La mujer a la que la congoja todavía le quiebra la voz tiene hoy 70 años y es ella ahora la abuela de dos nietos queridos, pero la memoria afectiva es así de poderosa, capaz de atravesar décadas en segundos: un perfume, una foto, un recuerdo, actualizan de golpe todas las pérdidas y la hacen decir, con un enojo intacto: "Yo adoraba a mi abuelo, a mis tíos y primos, el paisaje de Galicia. No me quería venir: ¿por qué me trajeron?"
Lo contó el miércoles pasado en el Museo Etnográfico, durante la presentación de Inmigradas. Mujeres que cruzaron fronteras, libro en el que la antropóloga Aída Bengochea y la socióloga Geraldine Parola, con fotografías de Esteban Widnicky, retratan los trabajos y los días de doce mujeres y, a través de ellas, los de miles de migrantes que cruzan el globo en busca de una vida mejor. Un mosaico en movimiento de la inmigración: las que vinieron antes, las que siguen llegando, las que huyen de sus países por la pobreza, por las guerras, por la falta de oportunidades, por la violencia familiar. María Rosa pertenece a una oleada ya histórica, la de los españoles que huían del franquismo después de haber defendido la república en la Guerra Civil, pero el libro enlaza memorias de distintas épocas y continentes; historias singulares y diversas que, sin embargo, muestran sus puntos en común: el dolor de partir, el desgarro afectivo, el miedo de quien se juega a todo y nada en puestos fronterizos muchas veces hostiles, las humillaciones de la discriminación, la condición vulnerable del que anda con papeles precarios o en trámite, presas fáciles de la explotación, con pocas posibilidades de hacer valer la letra de la ley que se desdibuja tantas veces en la vida real.

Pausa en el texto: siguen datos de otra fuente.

(* If $W=\langle w_1,\ldots,w_n\rangle$ is a weave, then the subtournaments $W-\{w_1,w_2\},\ W-\{w_2,w_3\},\ \ldots,\ W-\{w_{n-1},w_n\}$ are all isomorphic to each other. Furthermore, for any $i,j$ there is an isomorphism $\phi$ from $W-\{w_i,w_{i+1}\}$ to $W-\{w_j,w_{j+1}\}$ such that whenever $\phi(w_k)=w_\ell$, the integers $k$ and $\ell$ have the same parity.
   Context: A tournament is a finite, non-null, loopless directed graph in which for any two distinct vertices $u,v$ there is exactly one edge with both ends in $\{u,v\}$; write $u\to v$ for the edge from $u$ to $v$. $W-X$ denotes the subtournament induced on $V(W)\setminus X$. A weave $\langle w_1,\dots,w_n\rangle$ is a tournament on $w_1,\dots,w_n$ such that: $w_i\to w_j$ whenever $i<j$ and $i,j$ have opposite parity; either $w_i\to w_j$ for all $i<j$ both odd, or $w_j\to w_i$ for all $i<j$ both odd; and either $w_i\to w_j$ for all $i<j$ both even, or $w_j\to w_i$ for all $i<j$ both even. *)

From mathcomp Require Import all_boot.
Set Implicit Arguments. Unset Strict Implicit. Unset Printing Implicit Defensive.

Definition is_tournament (T : finType) (e : rel T) : Prop :=
  (forall u, ~~ e u u) /\
  (forall u v, u != v -> (e u v (+) e v u)).

(* A weave <w_1,...,w_n>, with w_i represented by the ordinal i-1 : 'I_n.
   (0-based indexing preserves "same/opposite parity" and maps the class of
   odd indices to the class of even ones; the definition is symmetric in the
   two classes.) *)
Definition is_weave (n : nat) (e : rel 'I_n) : Prop :=
  is_tournament e /\
  (forall i j : 'I_n, i < j -> odd i != odd j -> e i j) /\
  ((forall i j : 'I_n, i < j -> ~~ odd i -> ~~ odd j -> e i j) \/
   (forall i j : 'I_n, i < j -> ~~ odd i -> ~~ odd j -> e j i)) /\
  ((forall i j : 'I_n, i < j -> odd i -> odd j -> e i j) \/
   (forall i j : 'I_n, i < j -> odd i -> odd j -> e j i)).

Definition sub_iso (T : finType) (e : rel T) (A B : {set T}) (phi : T -> T)
  : Prop :=
  {in A, injective phi} /\ phi @: A = B /\
  {in A &, forall x y, e x y = e (phi x) (phi y)}.

Definition del_pair (n : nat) (i : nat) : {set 'I_n} :=
  [set k : 'I_n | (val k != i) && (val k != i.+1)].

(* Deleting two consecutive vertices w_i, w_{i+1} keeps the alternation of
   parities: the r-th remaining vertex (counting from 0) is w_r or w_{r+2},
   which have the same parity as r.  In a weave the direction of the edge
   between two vertices depends only on their order and their parities, so
   the order-preserving bijection between W - {w_i, w_{i+1}} and
   W - {w_j, w_{j+1}} preserves parities and hence is an isomorphism. *)

From mathcomp Require Import all_boot.
From mathcomp Require Import zify.

Set Implicit Arguments.
Unset Strict Implicit.
Unset Printing Implicit Defensive.

Lemma tournament_edgeC (T : finType) (e : rel T) (x y : T) :
  is_tournament e -> x != y -> e y x = ~~ e x y.
Proof. by case=> _ /(_ x y) tot /tot; case: (e x y); case: (e y x). Qed.

Lemma tournament_uniform_edge (T : finType) (e : rel T) (lt : rel T)
    (P : pred T) :
  is_tournament e -> (forall x y, lt x y -> x != y) ->
  (forall x y, lt x y -> P x -> P y -> e x y) \/
  (forall x y, lt x y -> P x -> P y -> e y x) ->
  forall x y x' y', lt x y -> lt x' y' -> P x -> P y -> P x' -> P y' ->
  e x y = e x' y'.
Proof.
move=> tour lt_neq [fwd | bwd] x y x' y' xy xy' Px Py Px' Py'.
  by rewrite !fwd.
have flip a b : lt a b -> e a b = ~~ e b a.
  by move=> ab; rewrite (tournament_edgeC tour (lt_neq _ _ ab)) negbK.
by rewrite (flip _ _ xy) (flip _ _ xy') !bwd.
Qed.

Lemma weave_edge n (e : rel 'I_n) (x y x' y' : 'I_n) : is_weave e ->
  x < y -> x' < y' -> odd x = odd x' -> odd y = odd y' -> e x y = e x' y'.
Proof.
case=> tour [cross [even_pairs odd_pairs]] xy xy' ox oy.
pose lt (a b : 'I_n) := a < b.
have lt_neq a b : lt a b -> a != b by rewrite /lt neq_ltn => ->.
have [same | diff] := eqVneq (odd x) (odd y); last first.
  by rewrite !cross // -ox -oy.
case ox_true: (odd x).
- apply: (tournament_uniform_edge (P := fun k : 'I_n => odd k)
           tour lt_neq odd_pairs);
    by rewrite /= -?ox -?oy -?same.
- apply: (tournament_uniform_edge (P := fun k : 'I_n => ~~ odd k)
           tour lt_neq even_pairs);
    by rewrite /= -?ox -?oy -?same ?ox_true.
Qed.

Lemma weave_iso_of_increasing n (e : rel 'I_n) (A : {set 'I_n})
    (phi : 'I_n -> 'I_n) :
  is_weave e ->
  {in A &, forall x y : 'I_n, x < y -> phi x < phi y} ->
  {in A, forall k, odd (phi k) = odd k} ->
  {in A &, forall x y, e x y = e (phi x) (phi y)}.
Proof.
move=> W incr odd_phi x y xA yA.
have tour := W.1.
have [xy | yx | /val_inj <-] := ltngtP x y.
- by rewrite (weave_edge W xy (incr _ _ xA yA xy)) ?odd_phi.
- have phi_yx := incr _ _ yA xA yx.
  have y_neq_x : y != x by rewrite neq_ltn yx.
  have phi_neq : phi y != phi x by rewrite neq_ltn phi_yx.
  rewrite (tournament_edgeC tour y_neq_x) (tournament_edgeC tour phi_neq).
  by rewrite (weave_edge W yx phi_yx) ?odd_phi.
- by rewrite !(negbTE (tour.1 _)).
Qed.

(* [skip2 i r] is the r-th natural number outside {i, i+1}.  [relabel i j]
   also sends i, i+1 to j, j+1, so that it is a bijection of nat: [sub_iso]
   asks for injectivity against every vertex, not only those of the domain. *)
Definition skip2 (i r : nat) : nat := if r < i then r else r.+2.
Definition drop2 (i k : nat) : nat := if k < i then k else k - 2.

Definition relabel (i j k : nat) : nat :=
  if k == i then j else if k == i.+1 then j.+1 else skip2 j (drop2 i k).

Lemma skip2K i : cancel (skip2 i) (drop2 i).
Proof.
by move=> r; rewrite /drop2 /skip2; case: (ltnP r i) => ?; case: ltnP; lia.
Qed.

Lemma drop2K i k : k != i -> k != i.+1 -> skip2 i (drop2 i k) = k.
Proof. by rewrite /skip2 /drop2; case: (ltnP k i) => ?; case: ltnP; lia. Qed.

Lemma skip2_avoid i r : (skip2 i r != i) && (skip2 i r != i.+1).
Proof. by rewrite /skip2; case: ltnP; lia. Qed.

Lemma odd_skip2 i r : odd (skip2 i r) = odd r.
Proof. by rewrite /skip2; case: ifP => //= _; rewrite negbK. Qed.

Lemma ltn_skip2 i : {mono skip2 i : r s / r < s}.
Proof.
by move=> r s; rewrite /skip2; case: (ltnP r i) => ?; case: (ltnP s i); lia.
Qed.

Lemma relabel_out i j k :
  k != i -> k != i.+1 -> relabel i j k = skip2 j (drop2 i k).
Proof. by rewrite /relabel => /negbTE-> /negbTE->. Qed.

Lemma relabelK i j : cancel (relabel i j) (relabel j i).
Proof.
move=> k; have [-> | ki] := eqVneq k i; first by rewrite /relabel !eqxx.
have [-> | ki1] := eqVneq k i.+1.
  by rewrite /relabel (gtn_eqF (ltnSn i)) eqxx (gtn_eqF (ltnSn j)) !eqxx.
have /andP[kj kj1] := skip2_avoid j (drop2 i k).
by rewrite relabel_out // relabel_out // skip2K drop2K.
Qed.

Lemma relabel_lt n i j k :
  i.+1 < n -> j.+1 < n -> k < n -> relabel i j k < n.
Proof.
move=> lt_i lt_j lt_k; rewrite /relabel.
case: (k =P i) => ki; first lia.
case: (k =P i.+1) => ki1; first lia.
rewrite /skip2 /drop2.
by case: (ltnP k i) => ?; [case: (ltnP k j) | case: (ltnP (k - 2) j)]; lia.
Qed.

Lemma relabel_avoid i j k : k != i -> k != i.+1 ->
  (relabel i j k != j) && (relabel i j k != j.+1).
Proof. by move=> ki ki1; rewrite relabel_out // skip2_avoid. Qed.

Lemma odd_relabel i j k : k != i -> k != i.+1 -> odd (relabel i j k) = odd k.
Proof.
move=> ki ki1.
by rewrite relabel_out // odd_skip2 -[in RHS](drop2K ki ki1) odd_skip2.
Qed.

Lemma ltn_relabel i j k l : k != i -> k != i.+1 -> l != i -> l != i.+1 ->
  k < l -> relabel i j k < relabel i j l.
Proof.
move=> ki ki1 li li1 kl.
by rewrite !relabel_out // ltn_skip2 -(ltn_skip2 i) !drop2K.
Qed.

Section Relabel.

Variables (n i j : nat).
Hypotheses (lt_i : i.+1 < n) (lt_j : j.+1 < n).

Lemma mem_del_pair a (k : 'I_n) :
  (k \in del_pair n a) = (val k != a) && (val k != a.+1).
Proof. by rewrite inE. Qed.

Definition relabel_ord (a b : nat) (k : 'I_n) : 'I_n :=
  insubd k (relabel a b k).

Lemma val_relabel_ord (k : 'I_n) : val (relabel_ord i j k) = relabel i j k.
Proof. by rewrite val_insubd relabel_lt. Qed.

Lemma relabel_ord_del_pair (k : 'I_n) :
  k \in del_pair n i -> relabel_ord i j k \in del_pair n j.
Proof.
by rewrite !mem_del_pair val_relabel_ord => /andP[ki ki1]; apply: relabel_avoid.
Qed.

Lemma odd_relabel_ord :
  {in del_pair n i, forall k, odd (relabel_ord i j k) = odd k}.
Proof.
move=> k; rewrite mem_del_pair val_relabel_ord => /andP[ki ki1].
exact: odd_relabel.
Qed.

Lemma relabel_ord_increasing : {in del_pair n i &, forall x y : 'I_n,
  x < y -> relabel_ord i j x < relabel_ord i j y}.
Proof.
move=> x y; rewrite !mem_del_pair !val_relabel_ord.
by move=> /andP[xi xi1] /andP[yi yi1]; apply: ltn_relabel.
Qed.

End Relabel.

Lemma relabel_ordK n i j : i.+1 < n -> j.+1 < n ->
  cancel (@relabel_ord n i j) (relabel_ord j i).
Proof.
by move=> lt_i lt_j k; apply: val_inj; rewrite !val_relabel_ord // relabelK.
Qed.

Lemma relabel_ord_image n i j : i.+1 < n -> j.+1 < n ->
  relabel_ord i j @: del_pair n i = del_pair n j.
Proof.
move=> lt_i lt_j; apply/setP=> b; apply/imsetP/idP => [[k kA ->] | bB].
  exact: relabel_ord_del_pair.
by exists (relabel_ord j i b); rewrite ?relabel_ord_del_pair ?relabel_ordK.
Qed.

Lemma relabel_ord_sub_iso n (e : rel 'I_n) i j : is_weave e ->
  i.+1 < n -> j.+1 < n ->
  sub_iso e (del_pair n i) (del_pair n j) (relabel_ord i j).
Proof.
move=> W lt_i lt_j; split.
  by move=> x _ y; apply: (can_inj (relabel_ordK lt_i lt_j)).
split; first exact: relabel_ord_image.
apply: weave_iso_of_increasing W _ (odd_relabel_ord lt_i lt_j).
exact: relabel_ord_increasing.
Qed.

Theorem corollary3p5 (n : nat) (e : rel 'I_n) :
  is_weave e ->
  (forall i j : nat, i.+1 < n -> j.+1 < n ->
     exists phi : 'I_n -> 'I_n, sub_iso e (del_pair n i) (del_pair n j) phi) /\
  (forall i j : nat, i.+1 < n -> j.+1 < n ->
     exists phi : 'I_n -> 'I_n,
       sub_iso e (del_pair n i) (del_pair n j) phi /\
       {in del_pair n i, forall k, odd (phi k) = odd k}).
Proof.
move=> W; split=> i j lt_i lt_j; exists (relabel_ord i j).
  exact: relabel_ord_sub_iso.
split; first exact: relabel_ord_sub_iso.
exact: odd_relabel_ord.
Qed.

Puntos en común que comparten además un salto cualitativo, el que va de la herida personal al reclamo colectivo. Muchas de estas mujeres que hoy tienen su residencia en la Argentina partieron de un problema individual -escolaridad para sus hijos, indefensión ante las redes de trata, abusos laborales-, pero en el camino descubrieron que no eran las únicas y aprendieron a sumar fuerzas. Algunas de ellas se convirtieron en referentes para sus connacionales, crearon organizaciones desde donde asesoran legalmente a los que llegan y ayudan a atravesar el desaliento de los trámites infinitos.
Mujeres que comparten la experiencia como se comparte el pan, mujeres que tejen día tras día las redes de amparo que mitigan la orfandad. En Inmigradas se hace visible no solo la trayectoria trashumante -Bolivia, Cabo Verde, Colombia, España, Paraguay, Perú, República Dominicana, Siria, Venezuela-, sino el protagonismo de las mujeres en esas epopeyas silenciosas. En los últimos años, la investigación académica empezó a hablar de la "feminización de las migraciones": si los hombres dominaron las primeras grandes oleadas de inmigrantes, en los desplazamientos más recientes, y en especial los de países limítrofes, la presencia femenina es protagonista.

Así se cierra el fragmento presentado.